20.1  Both parties shall comply with all applicable data protection legislation, including the UK General Data Protection Regulation (UK GDPR) and the Data Protection Act 2018 (in each case as amended from time to time).

20.2  Framework Agreement. In relation to any personal data processed by the Company on behalf of the Customer (including end-customer fulfilment data such as recipient names and delivery addresses), the parties agree to govern such processing strictly under the terms of the Cloud9 Data Processing Agreement.

20.3 Incorporation by Reference. The Customer expressly acknowledges and agrees that the Cloud9 Data Processing Agreement hosted publicly at https://www.cloud9fulfilment.co.uk/legal/dpa (as updated from time to time, with the version in force at the Effective Date applying to this Agreement) is fully incorporated into, forms an integral part of, and is supplemental to these Conditions. By signing the Account Form, accepting these Conditions, or otherwise continuing to utilize the Company’s Services, the Customer expressly accepts and agrees to be bound by the terms of the hosted Data Processing Agreement. 

20.4  Conflict. The terms of the incorporated Data Processing Agreement shall prevail over this Clause 20 and any other provision of these Conditions in the event of any conflict or inconsistency relating specifically to the processing of personal data.

21. Governing Law

21.1  This Agreement shall be governed by and construed in accordance with the laws of England and Wales. Subject to the arbitration provisions in Clause 13, the parties submit to the exclusive jurisdiction of the English courts.

22. Severability

22.1  If any provision of this Agreement is held by a competent authority to be invalid, illegal, or unenforceable, the remaining provisions shall continue in full force and effect. The parties shall negotiate in good faith to replace any such provision with one that is valid, enforceable, and reflects the original commercial intent.

23. Entire Agreement

23.1  This Agreement, together with the Agreed Pricing Schedule and the signed Account Form, constitutes the entire agreement between the parties and supersedes all prior discussions, representations, and agreements (whether oral or written) relating to its subject matter.
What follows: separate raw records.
(* Let $m$ be a prime power and let $l,s,t$ be positive integers such that $m\geq l-1$ and $2t-1\leq l$. Define $q=(s-1)m+1$. If there exists an $OA(t,l,s)$, then there exists a $q$-ary $c$-frameproof code of length $l$ and cardinality $\frac{s^t-1}{(s-1)^t}(q-1)^t$, for every integer $c\geq t$ such that $l=c(t-1)+r$ for some $r\in\{t,t+1,\ldots,c\}$.
   Context: An $OA(t,l,s)$ (orthogonal array of strength $t$, with $l$ constraints, $s\geq 2$ levels and index $1$) is an $l\times s^t$ array with entries from a set of $s$ symbols such that in every $t\times s^t$ subarray (choice of $t$ rows), every $t\times 1$ column vector over the symbol set appears exactly once. For $P\subseteq F^l$ over a finite alphabet $F$, $desc(P)=\{x\in F^l: \text{for every } i \text{ there is } y\in P \text{ with } x_i=y_i\}$. For an integer $c\geq 2$, a $c$-frameproof code of length $l$ is a subset $C\subseteq F^l$ with $desc(P)\cap C=P$ for every $P\subseteq C$ with $|P|\leq c$; it is $q$-ary if $|F|=q$. *)

From mathcomp Require Import all_boot all_order all_algebra.
Set Implicit Arguments. Unset Strict Implicit. Unset Printing Implicit Defensive.

(* Orthogonal array OA(t,l,s) of index 1: an l x s^t array A (row i, column j
   entry A i j) over the s-symbol set 'I_s, such that for every choice of t
   distinct rows (given as an injective map r : 'I_t -> 'I_l) every column
   vector v over the symbols appears exactly once among the columns. *)
Definition is_OA (t l s : nat) (A : 'I_l -> 'I_(s ^ t) -> 'I_s) : Prop :=
  forall r : 'I_t -> 'I_l, injective r ->
  forall v : 'I_t -> 'I_s,
    #|[set j : 'I_(s ^ t) | [forall k : 'I_t, A (r k) j == v k]]| = 1%N.

Definition exists_OA (t l s : nat) : Prop :=
  (2 <= s)%N /\ exists A : 'I_l -> 'I_(s ^ t) -> 'I_s, is_OA A.

Definition desc (F : finType) (l : nat) (P : {set {ffun 'I_l -> F}})
  : {set {ffun 'I_l -> F}} :=
  [set x : {ffun 'I_l -> F} | [forall i : 'I_l, [exists y in P, x i == y i]]].

Definition frameproof (F : finType) (l c : nat) (C : {set {ffun 'I_l -> F}})
  : Prop :=
  forall P : {set {ffun 'I_l -> F}},
    P \subset C -> (#|P| <= c)%N -> desc P :&: C = P.

Definition prime_power (m : nat) : Prop :=
  exists p k : nat, prime p /\ (0 < k)%N /\ m = (p ^ k)%N.

From mathcomp Require Import all_boot all_order all_algebra all_field.
From mathcomp Require Import zify.
Import GRing.Theory Num.Theory.
Set Implicit Arguments. Unset Strict Implicit. Unset Printing Implicit Defensive.

(* A codeword is indexed by a column j <> j0 of the orthogonal array A and by a
   polynomial f of degree < t over GF(m).  In row i it carries a special zero
   symbol when A i j = A i j0, and otherwise the pair formed by A i j
   (relabelled among the s - 1 symbols other than A i j0) and the value of f at
   the i-th point of a doubly extended Reed-Solomon code.  Distinct columns of
   an OA(t,l,s) agree in at most t - 1 rows and distinct polynomials of degree
   < t agree in at most t - 1 points, so a codeword has at most t - 1 zero
   coordinates and shares at most t - 1 nonzero coordinates with any other
   codeword.  Were a codeword x a descendant of c other codewords, every
   coordinate of x would be a zero of x or a nonzero agreement with one of
   them, whence l <= (c + 1)(t - 1), contradicting l = c(t - 1) + r, r >= t. *)

Lemma leq_card_bigcup (I T : finType) (P : {pred I}) (B : I -> {set T}) :
  #|\bigcup_(i in P) B i| <= \sum_(i in P) #|B i|.
Proof.
elim/big_rec2: _ => [|i n U _ le_U]; first by rewrite cards0.
by apply: leq_trans (leq_card_setU _ _) _; rewrite leq_add2l.
Qed.

Lemma frameproof_of_few_agreements (F : finType) (l c d : nat) (z : F)
    (C : {set {ffun 'I_l -> F}}) :
  c.+1 * d < l ->
  {in C, forall x : {ffun 'I_l -> F}, #|[set i | x i == z]| <= d} ->
  {in C &, forall x y : {ffun 'I_l -> F},
     x != y -> #|[set i | (x i != z) && (x i == y i)]| <= d} ->
  frameproof c C.
Proof.
move=> lt_l few_z few_agree P sPC leP; apply/setP => x; rewrite inE.
apply/andP/idP => [[xdP xC] | xP]; last first.
  split; last exact: subsetP sPC x xP.
  by rewrite inE; apply/forallP => i; apply/existsP; exists x; rewrite xP /=.
apply/idPn => xNP.
pose B (y : {ffun 'I_l -> F}) := [set i | (x i != z) && (x i == y i)].
have cover : [set: 'I_l] \subset [set i | x i == z] :|: \bigcup_(y in P) B y.
  apply/subsetP => i _; rewrite !inE; case: eqP => //= /eqP xiNz.
  move: xdP; rewrite inE => /forallP/(_ i)/existsP[y /andP[yP xyi]].
  by apply/bigcupP; exists y; rewrite // inE xiNz.
have few_B y : y \in P -> #|B y| <= d.
  move=> yP; apply: few_agree => //; first exact: (subsetP sPC).
  by apply: contraNneq xNP => ->.
have le_B : #|\bigcup_(y in P) B y| <= #|P| * d.
  by rewrite -sum_nat_const; apply: leq_trans (leq_card_bigcup _ _) (leq_sum _ few_B).
have : l <= d + #|P| * d.
  rewrite -{1}(card_ord l) -cardsT; apply: leq_trans (subset_leq_card cover) _.
  exact: leq_trans (leq_card_setU _ _) (leq_add (few_z _ xC) le_B).
have := leq_mul leP (leqnn d); rewrite mulSn in lt_l; lia.
Qed.

Lemma neq_of_few_agreements (F : finType) (l d : nat) (z : F)
    (x y : {ffun 'I_l -> F}) :
  d.*2 < l -> #|[set i | x i == z]| <= d ->
  #|[set i | (x i != z) && (x i == y i)]| <= d -> x != y.
Proof.
move=> lt_l few_z; apply: contraTneq => <-; rewrite -ltnNge.
have -> : [set i | (x i != z) && (x i == x i)] = ~: [set i | x i == z].
  by apply/setP => i; rewrite !inE eqxx andbT.
have := cardsC [set i | x i == z]; rewrite card_ord; lia.
Qed.

Lemma is_OA_col_agree (t l s : nat) (A : 'I_l -> 'I_(s ^ t) -> 'I_s) (j j' : 'I_(s ^ t)) :
  is_OA A -> j != j' -> #|[set i | A i j == A i j']| < t.
Proof.
move=> A_OA; apply: contraNT; rewrite -leqNgt => le_t.
pose r (k : 'I_t) : 'I_l := enum_val (widen_ord le_t k).
have r_inj : injective r by move=> k k' /enum_val_inj/(congr1 val)/=/val_inj.
have /eqP/cards1P[j1 col] := A_OA r r_inj (fun k => A (r k) j).
have in_col (j2 : 'I_(s ^ t)) : j2 \in [set j1] -> j2 = j1 by rewrite inE => /eqP.
have -> : j = j1 by apply: in_col; rewrite -col inE; apply/forallP.
have -> // : j' = j1.
apply: in_col; rewrite -col inE; apply/forallP => k.
by have := enum_valP (widen_ord le_t k); rewrite inE eq_sym.
Qed.

Section ExtendedReedSolomon.
Variables (F : idomainType) (n k : nat) (pt : 'I_n -> F).
Hypothesis pt_inj : injective pt.
Local Open Scope ring_scope.

Definition rs_poly (f : {ffun 'I_k.+1 -> F}) : {poly F} := \poly_(i < k.+1) f (inord i).

Lemma coef_rs_poly f (i : 'I_k.+1) : (rs_poly f)`_i = f i.
Proof. by rewrite coef_poly ltn_ord inord_val. Qed.

Lemma rs_polyB f g : rs_poly (f - g) = rs_poly f - rs_poly g.
Proof. by apply/polyP => i; rewrite coefB !coef_poly; case: ifP; rewrite ?ffunE ?subr0. Qed.

Lemma rs_poly_eq0 f : (rs_poly f == 0) = (f == 0).
Proof.
apply/eqP/eqP => [f0 | ->]; last by apply/polyP => i; rewrite coef_poly ffunE coef0 if_same.
by apply/ffunP => i; rewrite -coef_rs_poly f0 coef0 ffunE.
Qed.

(* The last coordinate is the point at infinity: it reads off the top coefficient. *)
Definition ext_rs (f : {ffun 'I_k.+1 -> F}) (i : 'I_n.+1) : F :=
  if unlift ord_max i is Some i' then (rs_poly f).[pt i'] else f ord_max.

Lemma ext_rsB f g i : ext_rs (f - g) i = ext_rs f i - ext_rs g i.
Proof. by rewrite /ext_rs rs_polyB; case: unlift => [i'|]; rewrite ?hornerE ?ffunE. Qed.

Lemma card_roots_lt_size (p : {poly F}) : p != 0 -> (#|[set i | root p (pt i)]| < size p)%N.
Proof.
move=> p_nz; rewrite cardE -(size_map pt); apply: max_poly_roots => //.
  by apply/allP => x /mapP[i]; rewrite mem_enum inE => ? ->.
by rewrite map_inj_uniq ?enum_uniq.
Qed.

Lemma ext_rs_zeros f : f != 0 -> (#|[set i | ext_rs f i == 0%R]| <= k)%N.
Proof.
rewrite -rs_poly_eq0 => p_nz; set Z := [set i | ext_rs f i == 0].
set R := lift ord_max @: [set i | root (rs_poly f) (pt i)].
have finite_zeros : Z :\ ord_max \subset R.
  apply/subsetP => i; rewrite !inE /ext_rs.
  case: (unliftP ord_max i) => [i' ->|->]; last by rewrite eqxx.
  by move=> /andP[_ /eqP fi0]; apply: imset_f; rewrite inE /root fi0.
have le_R : (#|R| < size (rs_poly f))%N.
  by rewrite card_imset ?card_roots_lt_size //; apply: lift_inj.
have := subset_leq_card finite_zeros; rewrite [#|Z|](cardsD1 ord_max).
have [top0 | top_nz] := eqVneq (f ord_max) 0.
  suff : (size (rs_poly f) <= k)%N by have := leq_b1 (ord_max \in Z); lia.
  apply/leq_sizeP => j; rewrite leq_eqVlt => /predU1P[<- | lt_kj].
    exact: etrans (coef_rs_poly f ord_max) top0.
  by rewrite /rs_poly coef_poly ltnNge lt_kj.
have -> : ord_max \in Z = false by rewrite inE /ext_rs unlift_none (negbTE top_nz).
have := size_poly k.+1 (fun i => f (inord i)); rewrite -/(rs_poly f); lia.
Qed.

Lemma ext_rs_agree f g : f != g -> (#|[set i | ext_rs f i == ext_rs g i]| <= k)%N.
Proof.
rewrite -subr_eq0 => /ext_rs_zeros; apply: leq_trans; apply: subset_leq_card.
by apply/subsetP => i; rewrite !inE ext_rsB subr_eq0.
Qed.

End ExtendedReedSolomon.

Section OAReedSolomonCode.
Variables (l' t' s : nat) (F : finIdomainType) (G : finType).
Variables (A : 'I_l'.+1 -> 'I_(s ^ t'.+1) -> 'I_s) (j0 : 'I_(s ^ t'.+1)).
Variables (pt : 'I_l' -> F) (h : option ('I_s.-1 * F) -> G).
Hypotheses (A_OA : is_OA A) (pt_inj : injective pt) (h_inj : injective h).

(* [None] is the zero symbol; [unlift] relabels A i j within [set~ A i j0]. *)
Definition oa_rs_symbol (p : 'I_(s ^ t'.+1) * {ffun 'I_t'.+1 -> F}) (i : 'I_l'.+1)
    : option ('I_s.-1 * F) :=
  omap (fun a => (a, ext_rs pt p.2 i)) (unlift (A i j0) (A i p.1)).

Definition oa_rs_word p : {ffun 'I_l'.+1 -> G} := [ffun i => h (oa_rs_symbol p i)].

Definition oa_rs_code : {set {ffun 'I_l'.+1 -> G}} :=
  oa_rs_word @: setX [set~ j0] [set: {ffun 'I_t'.+1 -> F}].

Lemma oa_rs_symbol_eq p p' i :
  oa_rs_symbol p i != None -> oa_rs_symbol p i == oa_rs_symbol p' i ->
  A i p.1 = A i p'.1 /\ ext_rs pt p.2 i = ext_rs pt p'.2 i.
Proof.
rewrite /oa_rs_symbol; case: unliftP => //= a -> _.
by case: unliftP => //= a' -> /eqP[-> ->].
Qed.

Lemma oa_rs_word_zeros p :
  p.1 != j0 -> #|[set i | oa_rs_word p i == h None]| <= t'.
Proof.
move=> /(is_OA_col_agree A_OA); rewrite ltnS; apply: leq_trans; apply: subset_leq_card.
apply/subsetP => i; rewrite !inE ffunE (inj_eq h_inj) /oa_rs_symbol.
by case: unliftP => [a ->|->] //; rewrite eqxx.
Qed.

Lemma oa_rs_word_agree p p' : p != p' ->
  #|[set i | (oa_rs_word p i != h None) && (oa_rs_word p i == oa_rs_word p' i)]| <= t'.
Proof.
case: p p' => j f [j' f'] ne_p.
have agree_sub (S : {set 'I_l'.+1}) :
    (forall i, A i j = A i j' -> ext_rs pt f i = ext_rs pt f' i -> i \in S) ->
    [set i | (oa_rs_word (j, f) i != h None)
             && (oa_rs_word (j, f) i == oa_rs_word (j', f') i)] \subset S.
  move=> in_S; apply/subsetP => i; rewrite inE !ffunE !(inj_eq h_inj).
  by case/andP=> /oa_rs_symbol_eq/[apply]-[]; apply: in_S.
have [eq_j | ne_j] := eqVneq j j'.
  have ne_f : f != f' by apply: contraNneq ne_p => <-; rewrite eq_j.
  apply: leq_trans (ext_rs_agree pt_inj ne_f).
  by apply/subset_leq_card/agree_sub => i _; rewrite inE => ->.
have := is_OA_col_agree A_OA ne_j; rewrite ltnS; apply: leq_trans.
by apply/subset_leq_card/agree_sub => i eq_A _; rewrite inE eq_A.
Qed.

Lemma frameproof_oa_rs_code c : c.+1 * t' < l'.+1 -> frameproof c oa_rs_code.
Proof.
move=> lt_l; apply: (frameproof_of_few_agreements (z := h None) lt_l).
  move=> _ /imsetP[[j f] /setXP[+ _] ->]; rewrite in_setC1 => ne_j.
  exact: (oa_rs_word_zeros (p := (j, f)) ne_j).
move=> _ _ /imsetP[p _ ->] /imsetP[p' _ ->] ne_w.
by apply: oa_rs_word_agree; apply: contraNneq ne_w => ->.
Qed.

Lemma card_oa_rs_code : t'.*2 < l'.+1 ->
  #|oa_rs_code| = (s ^ t'.+1).-1 * #|F| ^ t'.+1.
Proof.
move=> lt_l; rewrite card_in_imset; last first.
  move=> [j f] p' /setXP[+ _] _ eq_w; rewrite in_setC1 => ne_j.
  apply/eqP; apply: contraTT isT => ne_p.
  have := neq_of_few_agreements lt_l (oa_rs_word_zeros (p := (j, f)) ne_j)
                                      (oa_rs_word_agree ne_p).
  by rewrite eq_w eqxx.
by rewrite cardsX cardsC1 cardsT card_ffun !card_ord.
Qed.

End OAReedSolomonCode.

Theorem lemma7 (m l s t : nat) :
  prime_power m -> (0 < l)%N -> (0 < s)%N -> (0 < t)%N ->
  (l - 1 <= m)%N -> (2 * t - 1 <= l)%N ->
  exists_OA t l s ->
  forall c : nat, (2 <= c)%N -> (t <= c)%N ->
  (exists r : nat, [/\ (t <= r)%N, (r <= c)%N & l = (c * (t - 1) + r)%N]) ->
  let q := ((s - 1) * m + 1)%N in
  exists C : {set {ffun 'I_l -> 'I_q}},
    frameproof c C /\
    (#|C|%:R : rat) = ((s ^ t - 1)%:R / ((s - 1) ^ t)%:R * ((q - 1) ^ t)%:R)%R.
Proof.
move=> [p [k [p_pr [k_gt0 m_eq]]]] l_gt0 _ t_gt0 le_l_m le_2t_l [s_ge2 [A A_OA]].
move=> c _ _ [r [le_t_r _ l_eq]] q.
case: t t_gt0 le_2t_l le_t_r l_eq A A_OA => [//|t' _] le_2t_l le_t_r l_eq.
case: l l_gt0 le_l_m le_2t_l l_eq => [//|l' _] le_l_m le_2t_l l_eq A A_OA.
have [F _] := pPrimePowerField p_pr k_gt0; rewrite -m_eq => card_F.
have le_l_F : l' <= #|F| by rewrite card_F; lia.
pose pt := enum_val \o widen_ord le_l_F.
have pt_inj : injective pt by move=> i j /enum_val_inj/(congr1 val)/=/val_inj.
have card_symbols : #|{: option ('I_s.-1 * F)}| = q.
  by rewrite card_option card_prod card_ord card_F /q; lia.
pose h := cast_ord card_symbols \o enum_rank.
have h_inj : injective h by move=> x y /cast_ord_inj/enum_rank_inj.
have s_pow_gt0 : 0 < s ^ t'.+1 by rewrite expn_gt0; lia.
exists (oa_rs_code A (Ordinal s_pow_gt0) pt h).
split; first by apply: frameproof_oa_rs_code => //; rewrite mulSn; lia.
rewrite card_oa_rs_code //; last by lia.
rewrite card_F /q addnK expnMn !natrM mulrA divfK ?subn1 //.
by rewrite pnatr_eq0 expn_eq0; lia.
Qed.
23.2  Each party acknowledges that it has not relied on any statement or representation not expressly set out in this Agreement, save in respect of fraud or fraudulent misrepresentation.

24. Assignment

24.1  The Customer may not assign, transfer, charge, or sub-contract any of its rights or obligations under this Agreement without the prior written consent of the Company (such consent not to be unreasonably withheld).

24.2  The Company may assign or transfer its rights and obligations to any successor in business or group company on written notice to the Customer.

25. Third Party Rights

25.1  A person who is not a party to this Agreement has no rights under the Contracts (Rights of Third Parties) Act 1999 to enforce any term of it, except that authorised sub-contractors of the Company shall be entitled to the benefit of Clause 2.5.